Живое место на мне было только со спины. А спереди… Я ведь гуляла в одних трусиках и босиком, мы все так гуляли во дворе – в таком пляжном виде: на берегу степи – как на морском берегу. Жарко ведь!
А приложилась я на эти плиты хорошо – как будто железная тёрка по мне прошлась, счистив нежную детскую кожу – от лба до пальцев на ногах…
– Боже мой, и что же нам с ней делать? – причитала бабушка. – Это же надо как-то обработать теперь…
Она принесла баночку с зелёнкой. И – началась экзекуция… Невозможно сказать, сколько она длилась. Я плакала, стонала, скрежетала зубами, умоляла оставить меня в покое. Я уверяла их, что и так заживёт. Но… Мама сходила к тёте Вале и попросила у неё дополнительную баночку с зелёнкой, когда эта кончилась.
– Терпи! – говорила бабушка. – Терпи, деточка. Это ведь надо всё обеззаразить.
И они неумолимо замазывали меня зелёнкой – сверху донизу, сантиметр за сантиметром… Бабушка мазнёт, а мама дует, дует на это место… Почему-то казалось, что так – легче. Зелёнка нестерпимо жгла – как огонь, а мамины прохладные дуновения хотя бы чуть-чуть уменьшали эту пытку. Хотя бы чуть-чуть…

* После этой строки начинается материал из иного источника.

(* Let $(T,[\cdot,\cdot],[\cdot,\cdot,\cdot],\alpha)$ be a Hom-Lie-Yamaguti algebra, let $0\to\mathfrak{h}\xrightarrow{i}\hat T\xrightarrow{p}T\to0$ be an abelian extension of $T$ by $(\mathfrak{h},\beta)$ (with $\mathfrak{h}$ identified with $i(\mathfrak{h})$), and let $\sigma:T\to\hat T$ be a section. Define $$\nu(x_1,x_2)=[\sigma(x_1),\sigma(x_2)]_{\hat T}-\sigma([x_1,x_2]),\qquad \omega(x_1,x_2,x_3)=[\sigma(x_1),\sigma(x_2),\sigma(x_3)]_{\hat T}-\sigma([x_1,x_2,x_3]).$$ Then $\nu$ and $\omega$ take values in $\mathfrak{h}$, and $(\nu,\omega)$ is a (2,3)-cocycle of $T$ with coefficients in $\mathfrak{h}$ with respect to the representation $(\rho,D,\theta)$ given by $\rho(x_1)(u)=[\sigma(x_1),u]_{\hat T}$, $D(x_1,x_2)(u)=[\sigma(x_1),\sigma(x_2),u]_{\hat T}$, $\theta(x_1,x_2)(u)=[u,\sigma(x_1),\sigma(x_2)]_{\hat T}$.
   Context: Throughout, vector spaces are over an algebraically closed field $\mathbb{K}$ of characteristic different from 2 and 3. A Hom-Lie-Yamaguti algebra (HLYA) is a vector space $T$ with a linear map $\alpha:T\to T$, a bilinear map $[\cdot,\cdot]$ and a trilinear map $[\cdot,\cdot,\cdot]$ on $T$ such that for all $x_i,y_i\in T$: (HLY01) $\alpha([x_1,x_2])=[\alpha(x_1),\alpha(x_2)]$; (HLY02) $\alpha([x_1,x_2,x_3])=[\alpha(x_1),\alpha(x_2),\alpha(x_3)]$; (HLY1) $[x_1,x_2]+[x_2,x_1]=0$; (HLY2) $[x_1,x_2,x_3]+[x_2,x_1,x_3]=0$; (HLY3) $\sum_{\mathrm{cyc}(x_1,x_2,x_3)}([[x_1,x_2],\alpha(x_3)]+[x_1,x_2,x_3])=0$; (HLY4) $[[x_1,x_2],\alpha(x_3),\alpha(y_1)]+[[x_2,x_3],\alpha(x_1),\alpha(y_1)]+[[x_3,x_1],\alpha(x_2),\alpha(y_1)]=0$; (HLY5) $[\alpha(x_1),\alpha(x_2),[y_1,y_2]]=[[x_1,x_2,y_1],\alpha^2(y_2)]+[\alpha^2(y_1),[x_1,x_2,y_2]]$; (HLY6) $[\alpha^2(x_1),\alpha^2(x_2),[y_1,y_2,y_3]]=[[x_1,x_2,y_1],\alpha^2(y_2),\alpha^2(y_3)]+[\alpha^2(y_1),[x_1,x_2,y_2],\alpha^2(y_3)]+[\alpha^2(y_1),\alpha^2(y_2),[x_1,x_2,y_3]]$. A homomorphism of HLYAs $\varphi:(T,\alpha)\to(T',\alpha')$ is a linear map with $\varphi\circ\alpha=\alpha'\circ\varphi$ preserving both brackets. An extension of $(T,\alpha)$ by a HLYA $(\mathfrak{h},\beta)$ is a HLYA $(\hat T,[\cdot,\cdot]_{\hat T},[\cdot,\cdot,\cdot]_{\hat T},\hat\alpha)$ with HLYA homomorphisms $i:\mathfrak{h}\to\hat T$ (injective) and $p:\hat T\to T$ (surjective), $\mathrm{Im}(i)=\mathrm{Ker}(p)$. It is abelian if $[u,v]_{\hat T}=0$ and $[u,v,z]_{\hat T}=[u,z,v]_{\hat T}=[z,u,v]_{\hat T}=0$ for all $u,v\in i(\mathfrak{h})$, $z\in\hat T$. A section is a linear map $\sigma:T\to\hat T$ with $p\circ\sigma=\mathrm{id}_T$ and $\hat\alpha\circ\sigma=\sigma\circ\alpha$. (The maps $\rho,D,\theta$ defined in the claim form a representation of $(T,\alpha)$ on $(\mathfrak{h},\beta)$.) For a representation $(\rho,D,\theta)$ of $(T,\alpha)$ on a Hom-vector space $(V,\beta)$, a (2,3)-cocycle is a pair of a bilinear map $\nu:T\times T\to V$ and a trilinear map $\omega:T^3\to V$ with $\nu(x_1,x_2)=-\nu(x_2,x_1)$, $\omega(x_1,x_2,x_3)=-\omega(x_2,x_1,x_3)$ and, for all $x_i,y_i\in T$: (CC01) $\nu(\alpha(x_1),\alpha(x_2))=\beta(\nu(x_1,x_2))$; (CC02) $\omega(\alpha(x_1),\alpha(x_2),\alpha(x_3))=\beta(\omega(x_1,x_2,x_3))$; (CC1) $\sum_{\mathrm{cyc}(x_1,x_2,x_3)}\big(\omega(x_1,x_2,x_3)-\rho(\alpha(x_1))\nu(x_2,x_3)+\nu([x_1,x_2],\alpha(x_3))\big)=0$; (CC2) $\sum_{\mathrm{cyc}(x_1,x_2,x_3)}\big(\theta(\alpha(x_1),\alpha(y_1))\nu(x_2,x_3)+\omega([x_1,x_2],\alpha(x_3),\alpha(y_1))\big)=0$; (CC3) $\omega(\alpha(x_1),\alpha(x_2),[y_1,y_2])+D(\alpha(x_1),\alpha(x_2))\nu(y_1,y_2)=\nu([x_1,x_2,y_1],\alpha^2(y_2))+\nu(\alpha^2(y_1),[x_1,x_2,y_2])+\rho(\alpha^2(y_1))\omega(x_1,x_2,y_2)-\rho(\alpha^2(y_2))\omega(x_1,x_2,y_1)$; (CC4) $\omega(\alpha^2(x_1),\alpha^2(x_2),[y_1,y_2,y_3])+D(\alpha^2(x_1),\alpha^2(x_2))\omega(y_1,y_2,y_3)=\omega([x_1,x_2,y_1],\alpha^2(y_2),\alpha^2(y_3))+\omega(\alpha^2(y_1),[x_1,x_2,y_2],\alpha^2(y_3))+\omega(\alpha^2(y_1),\alpha^2(y_2),[x_1,x_2,y_3])+\theta(\alpha^2(y_2),\alpha^2(y_3))\omega(x_1,x_2,y_1)-\theta(\alpha^2(y_1),\alpha^2(y_3))\omega(x_1,x_2,y_2)+D(\alpha^2(y_1),\alpha^2(y_2))\omega(x_1,x_2,y_3)$. *)

From HB Require Import structures.
From mathcomp Require Import all_boot all_order all_algebra.
Set Implicit Arguments. Unset Strict Implicit. Unset Printing Implicit Defensive.
Import GRing.Theory.
Local Open Scope ring_scope.

Section HLY.
Variable K : fieldType.

Definition lin_map (U V : lmodType K) (f : U -> V) : Prop :=
  forall (a : K) (x y : U), f (a *: x + y) = a *: f x + f y.

Definition bilin (U V : lmodType K) (f : U -> U -> V) : Prop :=
  (forall y, lin_map (fun x => f x y)) /\ (forall x, lin_map (f x)).

Definition trilin (U V : lmodType K) (f : U -> U -> U -> V) : Prop :=
  (forall y z, lin_map (fun x => f x y z)) /\
  (forall x z, lin_map (fun y => f x y z)) /\
  (forall x y, lin_map (f x y)).

Definition HLYA (T : lmodType K) (br : T -> T -> T) (tr : T -> T -> T -> T)
  (al : T -> T) : Prop :=
  lin_map al /\ bilin br /\ trilin tr /\
   (forall x1 x2, al (br x1 x2) = br (al x1) (al x2)) /\
   (forall x1 x2 x3, al (tr x1 x2 x3) = tr (al x1) (al x2) (al x3)) /\
   (forall x1 x2, br x1 x2 + br x2 x1 = 0) /\
   (forall x1 x2 x3, tr x1 x2 x3 + tr x2 x1 x3 = 0) /\
   (forall x1 x2 x3,
       (br (br x1 x2) (al x3) + tr x1 x2 x3)
     + (br (br x2 x3) (al x1) + tr x2 x3 x1)
     + (br (br x3 x1) (al x2) + tr x3 x1 x2) = 0) /\
   (forall x1 x2 x3 y1,
       tr (br x1 x2) (al x3) (al y1) + tr (br x2 x3) (al x1) (al y1)
     + tr (br x3 x1) (al x2) (al y1) = 0) /\
   (forall x1 x2 y1 y2,
       tr (al x1) (al x2) (br y1 y2)
     = br (tr x1 x2 y1) (al (al y2)) + br (al (al y1)) (tr x1 x2 y2)) /\
   (forall x1 x2 y1 y2 y3,
       tr (al (al x1)) (al (al x2)) (tr y1 y2 y3)
     = tr (tr x1 x2 y1) (al (al y2)) (al (al y3))
     + tr (al (al y1)) (tr x1 x2 y2) (al (al y3))
     + tr (al (al y1)) (al (al y2)) (tr x1 x2 y3)).

Definition HLYA_hom (T T' : lmodType K)
  (br : T -> T -> T) (tr : T -> T -> T -> T) (al : T -> T)
  (br' : T' -> T' -> T') (tr' : T' -> T' -> T' -> T') (al' : T' -> T')
  (phi : T -> T') : Prop :=
  [/\ lin_map phi,
      (forall x, phi (al x) = al' (phi x)),
      (forall x1 x2, phi (br x1 x2) = br' (phi x1) (phi x2)) &
      (forall x1 x2 x3, phi (tr x1 x2 x3) = tr' (phi x1) (phi x2) (phi x3))].

Definition HLYA_extension (T H Th : lmodType K)
  (br : T -> T -> T) (tr : T -> T -> T -> T) (al : T -> T)
  (brh : H -> H -> H) (trh : H -> H -> H -> H) (be : H -> H)
  (brt : Th -> Th -> Th) (trt : Th -> Th -> Th -> Th) (alt : Th -> Th)
  (i : H -> Th) (p : Th -> T) : Prop :=
  HLYA brh trh be /\ HLYA brt trt alt /\
  HLYA_hom brh trh be brt trt alt i /\
  HLYA_hom brt trt alt br tr al p /\
  injective i /\
  (forall x : T, exists y : Th, p y = x) /\
  (forall y : Th, (exists u : H, i u = y) <-> p y = 0).

Definition abelian_ext (H Th : lmodType K)
  (brt : Th -> Th -> Th) (trt : Th -> Th -> Th -> Th) (i : H -> Th) : Prop :=
  (forall u v : H, brt (i u) (i v) = 0) /\
  (forall (u v : H) (z : Th),
     [/\ trt (i u) (i v) z = 0, trt (i u) z (i v) = 0 & trt z (i u) (i v) = 0]).

Definition ext_section (T Th : lmodType K) (al : T -> T) (alt : Th -> Th)
  (p : Th -> T) (sigma : T -> Th) : Prop :=
  [/\ lin_map sigma, (forall x, p (sigma x) = x) &
      (forall x, alt (sigma x) = sigma (al x))].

…Когда обработка тяжело раненого завершилось, то можно было бы посмеяться, если бы не так больно. Я была зелена, как лягушка, или как кузнечик из нашей степи. Бабушка так и сказала: «Лягушонок ты наш». А мама всё никак не могла успокоиться:
– Ну, зачем, зачем ты бежала?!
С того лета прошло много лет… Но порой кажется, что кожа на мне так и не наросла. И я часто слышу в свой адрес: «Разве можно так жить – без кожи?»
ДЕНЬ РОЖДЕНИЯ И ПЕРВАЯ ЛОЖЬ
Через несколько дней мне исполняется пять лет.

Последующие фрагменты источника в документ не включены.